* _Work order_:
Each line in the entries below that holds the string "const" is to be listed.

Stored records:
····················
Lemma wedge1_eq0_of_invariance (theta : Lam R n 1) :
  (forall p, psi (Fn_mul p (theta, 0)) = psi p) -> wedge theta eta = 0.
Proof.
move=> inv; apply: (can_inj (@proj_injK R n _)); rewrite inj_wedge inj0.
apply: (homogeneous_eq0_top_coef (homogeneousM (homogeneous_inj theta) (homogeneous_inj eta))).
move=> U hU; rewrite mulrA.
have := odd_double_half k; rewrite -muln2.
case: (boolP (odd k)) => [odd_k|even_k] /= kE.
  have {}hU : #|U| = (2 * k./2)%N by lia.
  have [om [c [hom c0 omj _]]] := symplectic_power hU.
  have := inv (0, proj 2 om); rewrite !psi_tildeE odd_k /Fn_mul /= wedge0l add0r !addr0.
  rewrite inj0 mul0r (inj_projK hom) => /top_coef_eq; rewrite [RHS]ffunE omj.
  rewrite -scalerAl -scalerAr => /(scaler_coef_eq0 c0) <-.
  rewrite (homogeneous_comm_even _ (@homogeneous_blade R n U)) -?mulrA //.
  by rewrite hU oddM.
case Ej: k./2 => [|j]; rewrite Ej in kE; first lia.
have [a aU] : exists a, a \in U by apply/card_gt0P; lia.
have hU' : #|U :\ a| = (2 * j)%N by move: (cardsD1 a U); rewrite aU; lia.
pose y := blade [set a] * inj theta.
have hy : homogeneous 2 y.
  by have := homogeneousM (@homogeneous_blade R n [set a]) (homogeneous_inj theta); rewrite cards1.
have const om t : homogeneous 2 om ->
    (1 * (om + t *: y) ^+ j.+1 * inj eta) setT = (1 * om ^+ j.+1 * inj eta) setT.
  move=> hom; apply: top_coef_eq; rewrite !mul1r.
  have := inv (t *: proj 1 (blade [set a]), proj 2 om).
  rewrite !psi_tildeE (negbTE even_k) Ej /Fn_mul /= addr0 injD (@inj_wedge _ _ 1 1) injZ.
  by rewrite inj_proj_blade1 (inj_projK hom) !mul1r -scalerAl.
have := symplectic_linear_coef_eq0 hU' hy const.
rewrite mul1r /y mulrA (blade_setD1_mul aU).2 -!scalerAl.
exact: scaler_coef_eq0 (esign_neq0 _ _ _).
Qed.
····················
* _Result below_:
have const om t : homogeneous 2 om ->
have := symplectic_linear_coef_eq0 hU' hy const.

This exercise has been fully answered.